Thank you, Mr. Chair. I'll probably need less time than that.
Basically, I'm starting out favourably disposed to what the government wishes to do, because it's also what our government had wished to do. I just discovered recently that we had the same process as well as the same substance. But perhaps more fundamentally, I tend to be on the side of Adam Smith, thinking that more competition is better than less competition and that a duopoly is probably not optimal.
I basically have two questions. The first would be to either Mr. Charles or Mr. Tonnesen, I think, or to Monsieur Roy.

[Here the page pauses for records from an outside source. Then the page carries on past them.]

Lemma pw_affine_Hp_on_off {f a b K} : a < b -> affine_Hp_off f a b K -> pw_affine_Hp_on f a b.
Proof.
elim: K a b => [|k K IHK] a b ab fK.
  have [s [c [Hps fE]]] : affine_Hp_on f a b by apply: fK; rewrite ?lexx.
  exists 1%N, (fun i => if i == 0%N then a else b), (fun=> s), (fun=> c).
  by split => // i; rewrite ltnS leqn0 => /eqP ->.
have restrict u v : a <= u -> v <= b -> ~~ (u < k < v) -> affine_Hp_off f u v K.
  move=> au vb kuv u' v' uu' u'v' v'v noK; apply: fK; rewrite ?(le_trans au) ?(le_trans v'v) //=.
  by rewrite negb_or noK andbT; apply: contra kuv => /andP[? ?]; apply/andP; split; lra.
have [/andP[ak kb]|k_out] := boolP (a < k < b); last first.
  by apply: IHK => //; apply: restrict; rewrite ?lexx.
apply: (pw_affine_Hp_on_cat ak kb); apply: IHK => //; apply: restrict;
  by rewrite ?lexx ?ltxx ?andbF ?(ltW ak) ?(ltW kb).
Qed.

Lemma affine_Hp_off_eq {f g a b K} : (forall y, a <= y <= b -> f y = g y) ->
  affine_Hp_off g a b K -> affine_Hp_off f a b K.
Proof.
move=> fg gK u v au uv vb noK; have [s [c [Hps gE]]] := gK u v au uv vb noK.
exists s, c; split => // y /andP[uy yv].
by rewrite fg ?gE ?uy ?yv // (le_trans au uy) (le_trans yv vb).
Qed.

Lemma affine_Hp_offD {f g a b K1 K2} : affine_Hp_off f a b K1 -> affine_Hp_off g a b K2 ->
  affine_Hp_off (fun y => f y + g y) a b (K1 ++ K2).
Proof.
move=> fK gK u v au uv vb; rewrite has_cat negb_or => /andP[noK1 noK2].
have [s1 [c1 [Hps1 fE]]] := fK u v au uv vb noK1.
have [s2 [c2 [Hps2 gE]]] := gK u v au uv vb noK2.
exists (s1 + s2), (c1 + c2); split; first exact: HpD.
by move=> y yuv; rewrite fE ?gE //; ring.
Qed.

Lemma affine_Hp_offB {f g a b K1 K2} : affine_Hp_off f a b K1 -> affine_Hp_off g a b K2 ->
  affine_Hp_off (fun y => f y - g y) a b (K1 ++ K2).
Proof.
move=> fK gK u v au uv vb; rewrite has_cat negb_or => /andP[noK1 noK2].
have [s1 [c1 [Hps1 fE]]] := fK u v au uv vb noK1.
have [s2 [c2 [Hps2 gE]]] := gK u v au uv vb noK2.
exists (s1 - s2), (c1 - c2); split; first by apply: HpD => //; exact: HpN.
by move=> y yuv; rewrite fE ?gE //; ring.
Qed.

Lemma affine_Hp_off_affine s t a b : Hp p s -> affine_Hp_off (fun y => s * y + t) a b [::].
Proof. by move=> Hps u v *; exists s, t. Qed.

Lemma affine_Hp_off_sum (I : Type) (r : seq I) (F : I -> R -> R) a b :
  (forall i, exists K, affine_Hp_off (F i) a b K) ->
  exists K, affine_Hp_off (fun y => \sum_(i <- r) F i y) a b K.
Proof.
move=> FK; elim: r => [|i r [K IHr]].
  exists [::]; apply: affine_Hp_off_eq (affine_Hp_off_affine 0 0 a b (Hp_int 0)).
  by move=> y _; rewrite big_nil mul0r addr0.
have [Ki FiK] := FK i; exists (Ki ++ K).
by apply: affine_Hp_off_eq (affine_Hp_offD FiK IHr) => y _; rewrite big_cons.
Qed.
Lemma schur_bilinear (t : R) (x y : nat -> R) : 0 < t ->
  \sum_(0 <= i < n) \sum_(0 <= j < n) A i j * (y i * x j)
    <= c / 2 * (t * \sum_(0 <= i < n) y i ^+ 2 + \sum_(0 <= j < n) x j ^+ 2 / t).
Proof.
move=> t_gt0.
(* Young's inequality with weight [t w_j / w_i] on the term [(i, j)]; the row
   bound then absorbs the weights. *)
pose a i j := t * w j / w i.
have a_gt0 i j : 0 < a i j by rewrite /a divr_gt0 ?mulr_gt0.
have rows : \sum_(0 <= i < n) \sum_(0 <= j < n) A i j * (y i ^+ 2 * a i j)
    <= c * (t * \sum_(0 <= i < n) y i ^+ 2).
  rewrite mulr_sumr mulr_sumr; apply: ler_sum_nat => i /andP[_ i_lt].
  have -> : \sum_(0 <= j < n) A i j * (y i ^+ 2 * a i j)
      = y i ^+ 2 * t / w i * \sum_(0 <= j < n) A i j * w j.
    by rewrite mulr_sumr; apply: eq_bigr => j _; rewrite /a; ring.
  have -> : c * (t * y i ^+ 2) = y i ^+ 2 * t / w i * (c * w i).
    by field; rewrite gt_eqF.
  apply: ler_wpM2l (A_row i_lt).
  exact: divr_ge0 (mulr_ge0 (sqr_ge0 _) (ltW t_gt0)) (ltW (w_gt0 i)).
have cols : \sum_(0 <= i < n) \sum_(0 <= j < n) A i j * (x j ^+ 2 / a i j)
    <= c * (\sum_(0 <= j < n) x j ^+ 2 / t).
  rewrite exchange_big_nat mulr_sumr; apply: ler_sum_nat => j /andP[_ j_lt].
  have -> : \sum_(0 <= i < n) A i j * (x j ^+ 2 / a i j)
      = x j ^+ 2 / (t * w j) * \sum_(0 <= i < n) A j i * w i.
    rewrite mulr_sumr; apply: eq_bigr => i _; rewrite A_sym /a.
    by field; rewrite !gt_eqF.
  have -> : x j ^+ 2 / t = x j ^+ 2 / (t * w j) * w j by field; rewrite !gt_eqF.
  rewrite mulrCA; apply: ler_wpM2l (A_row j_lt).
  by rewrite divr_ge0 ?sqr_ge0 // ltW // mulr_gt0.
apply: le_trans (_ : (\sum_(0 <= i < n) \sum_(0 <= j < n) A i j * (y i ^+ 2 * a i j)
   + \sum_(0 <= i < n) \sum_(0 <= j < n) A i j * (x j ^+ 2 / a i j)) / 2 <= _); last first.
  by have := lerD rows cols; lra.
rewrite -big_split /= mulr_suml; apply: ler_sum_nat => i _.
rewrite -big_split /= mulr_suml; apply: ler_sum_nat => j _.
rewrite -mulrDr -mulrA; apply: ler_wpM2l => //.
exact: mul_le_young.
Qed.

Lemma schur_test (x : nat -> R) : 0 < c ->
  \sum_(0 <= i < n) (\sum_(0 <= j < n) A i j * x j) ^+ 2
    <= c ^+ 2 * \sum_(0 <= j < n) x j ^+ 2.
Proof.
move=> c_gt0; set Y := fun i => \sum_(0 <= j < n) A i j * x j.
have := @schur_bilinear c^-1 x Y; rewrite invr_gt0 => /(_ c_gt0).
have -> : \sum_(0 <= i < n) \sum_(0 <= j < n) A i j * (Y i * x j)
    = \sum_(0 <= i < n) Y i ^+ 2.
  by apply: eq_bigr => i _; rewrite expr2 mulr_sumr; apply: eq_bigr => j _; ring.
rewrite -mulr_suml invrK.
have -> : c / 2 * (c^-1 * \sum_(0 <= i < n) Y i ^+ 2 + (\sum_(0 <= j < n) x j ^+ 2) * c)
    = (\sum_(0 <= i < n) Y i ^+ 2) / 2 + c ^+ 2 / 2 * \sum_(0 <= j < n) x j ^+ 2.
  by field; rewrite gt_eqF.
by rewrite /Y; lra.
Qed.

End SchurTest.

Section KmaxSchur.
Variable R : realFieldType.

Definition kmax (i j : nat) : R := ((maxn i.+1 j.+1)%:R)^-1.

Lemma kmaxC i j : kmax i j = kmax j i.
Proof. by rewrite /kmax maxnC. Qed.

Lemma kmax_ge0 i j : 0 <= kmax i j.
Proof. by rewrite /kmax invr_ge0 ler0n. Qed.

(* [binom_weight k = 'C(2k, k) / 4 ^ k]. *)
Fixpoint binom_weight (k : nat) : R :=
  if k is k'.+1 then binom_weight k' * (2 * k').+1%:R / (2 * k').+2%:R else 1.

Lemma binom_weight_gt0 k : 0 < binom_weight k.
Proof.
elim: k => [|k IH] /=; first exact: ltr01.
by rewrite divr_gt0 // mulr_gt0 // ltr0n.
Qed.

Lemma binom_weight_decr k : binom_weight k.+1 <= binom_weight k.
Proof.
by rewrite /= ler_pdivrMr ?ltr0n // ler_pM2l ?binom_weight_gt0 // ler_nat.
Qed.

Lemma sum_binom_weight m :
  \sum_(0 <= j < m.+1) binom_weight j = (2 * m).+1%:R * binom_weight m.
Proof.
elim: m => [|m IH]; first by rewrite big_nat1 /= mulr1.
rewrite big_nat_recr //= IH.
have : (2 * m).+2%:R != 0 :> R by rewrite pnatr_eq0.
rewrite !mulnSr -!natr1 ?natrD ?natrM ?addr0 => nz.
by field.
Qed.

Lemma binom_weight_div_succ j :
  binom_weight j / j.+1%:R = 2 * (binom_weight j - binom_weight j.+1).
Proof.
have : j.+1%:R != 0 :> R by rewrite pnatr_eq0.
have : (2 * j).+2%:R != 0 :> R by rewrite pnatr_eq0.
rewrite /= -!natr1 ?natrD ?natrM ?addr0 => nz2 nz1.
by field; rewrite nz1 nz2.
Qed.

Lemma kmax_row_binom_weight n i : (i < n)%N ->
  \sum_(0 <= j < n) kmax i j * binom_weight j <= 4 * binom_weight i.
Proof.
move=> i_lt; rewrite (big_cat_nat _ (n := i.+1)) //=.
have head : \sum_(0 <= j < i.+1) kmax i j * binom_weight j <= 2 * binom_weight i.
  have -> : \sum_(0 <= j < i.+1) kmax i j * binom_weight j
      = (i.+1%:R)^-1 * ((2 * i).+1%:R * binom_weight i).
    rewrite -sum_binom_weight big_distrr; apply: eq_big_nat => j /andP[_ j_le].
    by rewrite /kmax (maxn_idPl _).
  rewrite mulrA ler_pM2r ?binom_weight_gt0 // ler_pdivrMl ?ltr0n // -natrM ler_nat.
  lia.
have tail : \sum_(i.+1 <= j < n) kmax i j * binom_weight j <= 2 * binom_weight i.
  have -> : \sum_(i.+1 <= j < n) kmax i j * binom_weight j
      = 2 * (binom_weight i.+1 - binom_weight n).
    rewrite (telescope_sumr_eq (fun k => - (2 * binom_weight k))) //; first ring.
    move=> k /andP[k_ge _].
    rewrite /kmax (maxn_idPr _) ?ltnS 1?ltnW // mulrC binom_weight_div_succ.
    ring.
  rewrite ler_pM2l ?ltr0n //.
  have := binom_weight_decr i; have := binom_weight_gt0 n; lra.
have := lerD head tail; lra.
Qed.

Lemma kmax_schur n (x : nat -> R) :
  \sum_(0 <= i < n) (\sum_(0 <= j < n) kmax i j * x j) ^+ 2
    <= 4 ^+ 2 * \sum_(0 <= j < n) x j ^+ 2.
Proof.
exact: (schur_test kmaxC kmax_ge0 binom_weight_gt0 (@kmax_row_binom_weight n)).
Qed.

End KmaxSchur.

Section KmaxCoercive.
Variable R : realFieldType.

Definition inv_succ_below n k : R := if (k < n)%N then (k.+1%:R)^-1 else 0.

Definition kmax_gap n k : R := inv_succ_below n k - inv_succ_below n k.+1.

Lemma kmax_sum_gap n i j : (i < n)%N -> (j < n)%N ->
  kmax R i j = \sum_(0 <= k < n) (if (maxn i j <= k)%N then kmax_gap n k else 0).
Proof.
move=> i_lt j_lt; have ij_lt : (maxn i j < n)%N by rewrite gtn_max i_lt.
rewrite (big_cat_nat _ (n := maxn i j)) ?(ltnW ij_lt) //= big1_seq ?add0r; last first.
  by move=> k; rewrite mem_index_iota => /and3P[_ _ k_lt]; rewrite leqNgt k_lt.
rewrite (telescope_sumr_eq (fun k => - inv_succ_below n k)) ?(ltnW ij_lt) //.
  by rewrite /inv_succ_below ltnn ij_lt oppr0 opprK add0r /kmax maxnSS.
by move=> k /andP[k_ge _]; rewrite k_ge /kmax_gap opprK addrC.
Qed.

Lemma kmax_gap_ge n k : (k < n)%N -> (n%:R ^+ 2)^-1 <= kmax_gap n k.
Proof.
move=> k_lt; rewrite /kmax_gap /inv_succ_below k_lt.
have n_gt0 : (0 < n)%N by apply: leq_ltn_trans k_lt.
case: ltnP => [k1_lt | n_le].
- have -> : k.+1%:R^-1 - k.+2%:R^-1 = ((k.+1 * k.+2)%:R : R)^-1.
    have : k.+1%:R != 0 :> R by rewrite pnatr_eq0.
    have : k.+2%:R != 0 :> R by rewrite pnatr_eq0.
    rewrite natrM -!natr1 => nz2 nz1.
    by field; rewrite nz1 nz2.
  rewrite lef_pV2 ?posrE ?exprn_gt0 ?ltr0n ?muln_gt0 // -natrX ler_nat.
  by rewrite expnS expn1 leq_mul // ltnW.
- have -> : n = k.+1 by apply/eqP; rewrite eqn_leq k_lt n_le.
  rewrite subr0 lef_pV2 ?posrE ?exprn_gt0 ?ltr0n // -natrX ler_nat.
  by rewrite expnS expn1 leq_pmulr.
Qed.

Since I begin with a bias very much in favour of what the government is proposing, I think the onus of proof is on the other side. In the Desjardins submission, one of the conditions given, the second one, is that it is critical that mortgages not be subject to an anti-selection process that would disadvantage home owners outside urban areas, and more particularly rural residents. So I'd like to ask those who propose to enter the competition to explain whether there would be such an anti-selection process and whether there would be any risk for rural people in this new, multi-company, competitive world?
I also have a question for Mr. Vukanovich. I'm not making any accusations—I must stress that—but I think it was Mr. Turner who really pushed this, and then when I read on Mr. Turner's website of March 19 about his friend Peter Vukanovich coming to visit him a few days ago in his riding office, and since he seems to be instigating this, I want to ask what the nature of that relationship is, just for the record and without making any accusations.
Those are my two questions, Mr. Chair.